Each of the 888 Ct scan is identified by its `seriesuid`, and contains between 32 and > 1400 different candidate nodules:

In [6]:
(candidates
 .groupby('seriesuid')['seriesuid']
 .count()
 .describe()
)

count     888.000000
mean      620.568694
std       229.923643
min        32.000000
25%       453.000000
50%       582.500000
75%       769.250000
max      1468.000000
Name: seriesuid, dtype: float64

The `annotations.csv` file contains information for those candidates that were flagged as nodules.
It contains 

- `seriesuid`: the unique identifier of the scan
- `coordX`, `coordY`, `coordZ`: the coordinates of the nodule _center_ in __patient coordinates__.
- `diameter_mm`: the diameter of the nodule, in millimeters

Interestingly, the coordinates were recorded with higher precision, e.g. more decimal places, than
in the `candidates.csv` file. (Perhaps because these nodules were considered more interesting?
Who knows..)

In [8]:
annotations.head()

Unnamed: 0,seriesuid,coordX,coordY,coordZ,diameter_mm
0,1.3.6.1.4.1.14519.5.2.1.6279.6001.100225287222...,-128.699421,-175.319272,-298.387506,5.651471
1,1.3.6.1.4.1.14519.5.2.1.6279.6001.100225287222...,103.783651,-211.925149,-227.12125,4.224708
2,1.3.6.1.4.1.14519.5.2.1.6279.6001.100398138793...,69.639017,-140.944586,876.374496,5.786348
3,1.3.6.1.4.1.14519.5.2.1.6279.6001.100621383016...,-24.013824,192.102405,-391.081276,8.143262
4,1.3.6.1.4.1.14519.5.2.1.6279.6001.100621383016...,2.441547,172.464881,-405.493732,18.54515


Only 1186 of the roughly half a million candidate nodules are annotated:

In [7]:
annotations.shape

(1186, 5)

As for the `candidates.csv file`, there can be multiple nodules annotated in the same
scan - albeit the range is much smaller: 1 - 12 nodules were reported in 601 scans.

In [9]:
(annotations
 .groupby('seriesuid')['seriesuid']
 .count()
 .describe()
)

count    601.000000
mean       1.973378
std        1.483000
min        1.000000
25%        1.000000
50%        1.000000
75%        2.000000
max       12.000000
Name: seriesuid, dtype: float64

To complete the diagnostic pipeline, we need to perform multiple tasks, including building a classifier
that returns the status of a previously identified candidate nodule as either _benign_ or _malignant_.
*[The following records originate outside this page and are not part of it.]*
Lemma Isum_sin_sums (n i j : nat) : Nat.Even n ->
  Isum n i j
  = (sin_sum (n + 2) i * sin_sum (n + 3) j
     - sin_sum (n + 2) (i + (n + 2)) * sin_sum (n + 3) (j + (n + 3))) / 2.
Proof.
  intros [h ->]. unfold Isum.
  replace (2 * h / 2)%nat with h by (rewrite Nat.mul_comm, Nat.div_mul; lia).
  rewrite <- !alt_sin_sum by lia. unfold sin_sum.
  replace (2 * h + 2 - 1)%nat with (S (2 * h)) by lia.
  replace (2 * h + 3 - 1)%nat with (2 * h + 2)%nat by lia.
  rewrite (decomp_sum (sin_prod _ i)), (decomp_sum (fun m => (-1) ^ m * sin_prod _ i m)) by lia.
  cbn [Nat.pred]. rewrite sin_prod_0, Rmult_0_r, !Rplus_0_l.
  set (B := sum_f_R0 (sin_prod (2 * h + 3) j) (2 * h + 2)).
  set (B' := sum_f_R0 (fun m => (-1) ^ m * sin_prod (2 * h + 3) j m) (2 * h + 2)).
  rewrite (sum_eq _ (fun m => / 2 * B * sin_prod (2 * h + 2) i (S m)
                           + - / 2 * B' * ((-1) ^ S m * sin_prod (2 * h + 2) i (S m)))).
  { rewrite sum_f_R0_lin_comb. field. }
  intros m _.
  rewrite (sum_eq _ (fun k => sin_prod (2 * h + 3) j (if Nat.odd (S m) then 2 * S k else 2 * S k - 1)%nat
                              * sin_prod (2 * h + 2) i (S m)))
    by (intros k _; cbv zeta; rewrite Isum_term; [apply Rmult_comm | lia]).
  rewrite <- scal_sum, sum_parity_nodes by apply sin_prod_0.
  fold B B'. field.
Qed.

Lemma sin_sums_not_divide (N i : nat) : (0 < N)%nat ->
  ~ Nat.divide N i -> ~ Nat.divide N (i + 2) -> sin_sum N i = 0 /\ sin_sum N (i + N) = 0.
Proof.
  intros HN Hi Hi2.
  split; apply sin_sum_not_divide; try apply not_divide_double; auto using not_divide_add_self.
  replace (i + N + 2)%nat with (i + 2 + N)%nat by lia. auto using not_divide_add_self.
Qed.

Lemma sin_sums_mul (N nu : nat) : (3 <= N)%nat ->
  sin_sum N (nu * N) = INR N / 4 * (1 + (-1) ^ nu)
  /\ sin_sum N (nu * N + N) = INR N / 4 * (1 - (-1) ^ nu).
Proof.
  intro HN. split; [apply sin_sum_mul, HN|].
  replace (nu * N + N)%nat with (S nu * N)%nat by lia.
  rewrite sin_sum_mul by exact HN. simpl. ring.
Qed.

Lemma sin_sums_mul_sub2 (N nu i : nat) : (3 <= N)%nat -> (i + 2 = nu * N)%nat ->
  sin_sum N i = - (INR N / 4 * (1 + (-1) ^ nu))
  /\ sin_sum N (i + N) = - (INR N / 4 * (1 - (-1) ^ nu)).
Proof.
  intros HN Hi. split; [apply sin_sum_mul_sub2; assumption|].
  rewrite (sin_sum_mul_sub2 N (S nu)) by lia. simpl. ring.
Qed.

Theorem proposition3 (n : nat) (Hpos : (0 < n)%nat) (Heven : Nat.Even n) :
  (forall i j : nat,
     (~ Nat.divide (n + 2) i /\ ~ Nat.divide (n + 2) (i + 2))
     \/ (~ Nat.divide (n + 3) j /\ ~ Nat.divide (n + 3) (j + 2)) ->
     Isum n i j = 0)
  /\ (forall nu mu i j : nat,
        i = (nu * (n + 2))%nat -> j = (mu * (n + 3))%nat ->
        Isum n i j = / (2 * Cn n) * ((-1) ^ nu + (-1) ^ mu))
  /\ (forall nu mu i j : nat,
        i = (nu * (n + 2))%nat -> (j + 2)%nat = (mu * (n + 3))%nat ->
        Isum n i j = - (/ (2 * Cn n) * ((-1) ^ nu + (-1) ^ mu)))
  /\ (forall nu mu i j : nat,
        (i + 2)%nat = (nu * (n + 2))%nat -> j = (mu * (n + 3))%nat ->
        Isum n i j = - (/ (2 * Cn n) * ((-1) ^ nu + (-1) ^ mu)))
  /\ (forall nu mu i j : nat,
        (i + 2)%nat = (nu * (n + 2))%nat -> (j + 2)%nat = (mu * (n + 3))%nat ->
        Isum n i j = / (2 * Cn n) * ((-1) ^ nu + (-1) ^ mu)).
Proof.
  assert (HN : (3 <= n + 2)%nat) by lia. assert (HM : (3 <= n + 3)%nat) by lia.
  assert (Hscale : / (2 * Cn n) = INR (n + 2) * INR (n + 3) / 16)
    by (unfold Cn; field; split; apply not_0_INR; lia).
  split; [|split; [|split; [|split]]].
  - intros i j [[Hi Hi2] | [Hj Hj2]]; rewrite Isum_sin_sums by exact Heven.
    + destruct (sin_sums_not_divide (n + 2) i ltac:(lia) Hi Hi2) as [-> ->]. field.
    + destruct (sin_sums_not_divide (n + 3) j ltac:(lia) Hj Hj2) as [-> ->]. field.
  - intros nu mu i j -> ->. rewrite Isum_sin_sums by exact Heven.
    destruct (sin_sums_mul _ nu HN) as [-> ->], (sin_sums_mul _ mu HM) as [-> ->].
    rewrite Hscale. field.
  - intros nu mu i j -> Hj. rewrite Isum_sin_sums by exact Heven.
    destruct (sin_sums_mul _ nu HN) as [-> ->], (sin_sums_mul_sub2 _ mu j HM Hj) as [-> ->].
    rewrite Hscale. field.
  - intros nu mu i j Hi ->. rewrite Isum_sin_sums by exact Heven.
    destruct (sin_sums_mul_sub2 _ nu i HN Hi) as [-> ->], (sin_sums_mul _ mu HM) as [-> ->].
    rewrite Hscale. field.
  - intros nu mu i j Hi Hj. rewrite Isum_sin_sums by exact Heven.
    destruct (sin_sums_mul_sub2 _ nu i HN Hi) as [-> ->], (sin_sums_mul_sub2 _ mu j HM Hj) as [-> ->].
    rewrite Hscale. field.
Qed.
This decision will be made on a nodule-by-nodule basis, and only requires local information (e.g. voxels
in the vicinity of the nodule center) as input.

First, we will combine information from the two CSV files to generate a list of candidate nodules, each
annotated with the following elements.

The smallest nodule has a diameter of 3.5 mm, the largest measures 27 mm across.

In [10]:
(annotations
 .groupby('seriesuid')
 .agg({'diameter_mm':  np.mean})
 .describe()
)

Unnamed: 0,diameter_mm
count,601.0
mean,8.781195
std,4.699269
min,3.530974
25%,5.56275
50%,6.966073
75%,10.496969
max,27.442423


Based on this information, the authors decide to 

1. Calculate the radius of each nodule.
2. Decide that nodule with centers within a Euclidean distance of < 1/2 of the radius are the same.
   
`min_diameter = diameter_mm / 2 / 2`

Because only a small subset of the candidate nodules are annotated with the `diameter_mm`
information, we also have to decide what to do with this missing information for the rest of them.
Here, we simply record a size of 0 mm for each candidate. (After all, if a candidate is _not_ a
nodule, it doesn't really _have_ a size.)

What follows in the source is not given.